─── Data for the task

Lemma sum_downs_ups m (F : seq nat -> nat) : partitionb m ->
  \sum_(v <- ups m) \sum_(t <- downs v) F t
  = F m + \sum_(t <- downs m) \sum_(v <- ups t) F v.
Proof.
move=> Hm; set N := (size m).+2.
pose G i j := F (incr_nth (remove_box m j) i).
have up_split i : addable m i -> \sum_(t <- downs (incr_nth m i)) F t
    = F m + \sum_(0 <= j < N | (j != i) && removable (incr_nth m i) j) G i j.
  move=> Hi; have Hmi : partitionb (incr_nth m i) by rewrite incr_nth_partitionE.
  have HiN : i < N by have := addable_size Hi; rewrite /N; lia.
  rewrite (sum_downs _ (N := N)); last first.
    by rewrite size_incr_nth /N; have := addable_size Hi; case: ltnP; lia.
  rewrite (@sum_nat_D1 (removable (incr_nth m i)) _ N i HiN) ?removable_incr_nth //.
  rewrite remove_box_incr //; congr addn; apply: eq_bigr => j /andP[Hji Hj].
  by rewrite /G remove_box_incr_swap // eq_sym.
have down_split j : removable m j -> \sum_(v <- ups (remove_box m j)) F v
    = F m + \sum_(0 <= i < N | (i != j) && addable (remove_box m j) i) G i j.
  move=> Hj; have HjN : j < N by have := removable_size Hj; rewrite /N; lia.
  rewrite (sum_ups _ (N := N)); last by rewrite ltnS ltnW // ltnS size_remove_box.
  rewrite (@sum_nat_D1 (addable (remove_box m j)) _ N j HjN) ?incr_remove_box //.
  by rewrite -incr_nth_partitionE ?remove_box_partition ?incr_remove_box.
have const_ups : \sum_(0 <= i < N | addable m i) F m = (size (downs m)).+1 * F m.
  by rewrite -(sum_ups (fun _ => F m)) // big_const_seq count_predT iter_addn_0 size_ups mulnC.
have const_downs : \sum_(0 <= j < N | removable m j) F m = size (downs m) * F m.
  by rewrite -(sum_downs (fun _ => F m)) ?leqW // big_const_seq count_predT iter_addn_0 mulnC.
rewrite (sum_ups _ (N := N)) // (sum_downs _ (N := N)) ?leqW //.
rewrite (eq_bigr _ up_split) (eq_bigr _ down_split) !big_split /= const_ups const_downs.
rewrite mulSn -addnA; congr (_ + (_ + _)).
rewrite (exchange_big_dep_nat (removable m)) /= => [|i j _ _ Hi /andP[Hji Hj]].
  apply: eq_bigr => j Hj; apply: eq_bigl => i; rewrite andbCA eq_sym.
  by case: eqP => //= /eqP Hij; rewrite addable_removable_swap // Hj.
have Hij : i != j by rewrite eq_sym.
by have := addable_removable_swap Hm Hij; rewrite Hi Hj => /esym/andP[].
Qed.

Lemma sumn_incr_nth v i : sumn (incr_nth v i) = (sumn v).+1.
Proof. by elim: v i => [|a v IH] [|i] //=; [elim: i => //= i -> | rewrite IH addnS]. Qed.

Lemma mem_upsP m v : partitionb m ->
  reflect (partitionb v /\ exists i, v = incr_nth m i) (v \in ups m).
Proof.
move=> Hm; apply: (iffP mapP) => [[i]|[Hv [i Ev]]].
  by rewrite mem_filter -incr_nth_partitionE // => /andP[Hi _] ->; split; last exists i.
move: Hv; rewrite Ev incr_nth_partitionE // => Hi.
by exists i => //; rewrite mem_filter Hi mem_iota add0n ltnS (addable_size Hi).
Qed.
(* [tderiv (ebas R m)] with the zero terms pruned, so that the partial
   derivatives of concrete terms stay small under [simpl]. *)
Fixpoint pderiv (m : nat) (e : term) : term :=
  match e with
  | TZero | TConst _ => TZero
  | TVar k => if m == k then TConst 1 else TZero
  | TAdd a b => tadd (pderiv m a) (pderiv m b)
  | TMul a b => tadd (tmul (pderiv m a) b) (tmul a (pderiv m b))
  | TOsc n b J =>
      if m == 15 then
      TAdd (TMul (TConst (- n%:R)) (TOsc n.+1 b J))
        (TAdd (TMul (TConst 2) (TOsc n.+3 b J))
          (TMul (TConst (if b then 1 else -1))
            (TAdd (tmul (pderiv m J) (TOsc n.+1 (~~ b) J))
                 (TMul (TConst (-1)) (TMul J (TOsc n.+2 (~~ b) J))))))
      else tmul (TConst (if b then 1 else -1)) (tmul (pderiv m J) (TOsc n.+1 (~~ b) J))
  end.

Lemma eval_pderiv m e X : eval (pderiv m e) X = eval (tderiv (ebas R m) e) X.
Proof.
elim: e => [|c|k|a IHa b IHb|a IHa b IHb|n b J IH] /=.
- by [].
- by [].
- by rewrite /ebas [k == m]eq_sym; case: (m == k).
- by rewrite eval_tadd IHa IHb.
- by rewrite eval_tadd !eval_tmul IHa IHb.
- by rewrite /ebas [15 == m]eq_sym; case: (m == 15) => /=; rewrite ?eval_tmul IH /=; ring.
Qed.

Definition coord16 : pred nat := fun k => (k < 16)%N.

Lemma cc_evec m k : (m < 16)%N -> (k < 16)%N -> cc (evec R (inord m)) k = ebas R m k.
Proof.
move=> m16 k16; rewrite /cc /evec mxE /ebas [k == m]eq_sym.
suff -> : (inord m == inord k :> 'I_16) = (m == k) by [].
by apply/eqP/eqP => [/(congr1 (@nat_of_ord 16))|->]; rewrite ?inordK.
Qed.

Lemma pdiff_eval_coord m e X : (m < 16)%N -> coords_in coord16 e ->
  pdiff (inord m) (eval e) X = eval (pderiv m e) X.
Proof.
move=> m16 e16; rewrite pdiff_eval eval_pderiv.
by apply: (tderiv_ext X e16) => k k16; exact: cc_evec.
Qed.

Lemma poisson_eval e1 e2 X : coords_in coord16 e1 -> coords_in coord16 e2 ->
  poisson (eval e1) (eval e2) X =
  \sum_(i < 8) (eval (pderiv i e1) X * eval (pderiv (8 + i) e2) X
               - eval (pderiv (8 + i) e1) X * eval (pderiv i e2) X).
Proof.
move=> h1 h2; apply: eq_bigr => i _.
have i16 : (i < 16)%N by rewrite (ltn_trans (ltn_ord i)).
have i8 : (8 + i < 16)%N by rewrite -[16%N]/(8 + 8)%N ltn_add2l.
by rewrite /qi /pi_ !pdiff_eval_coord.
Qed.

──────

■ Aim of the task: Among the entries above, determine how many lines contain "partitionb", then output only that number.

■ Task answer: 4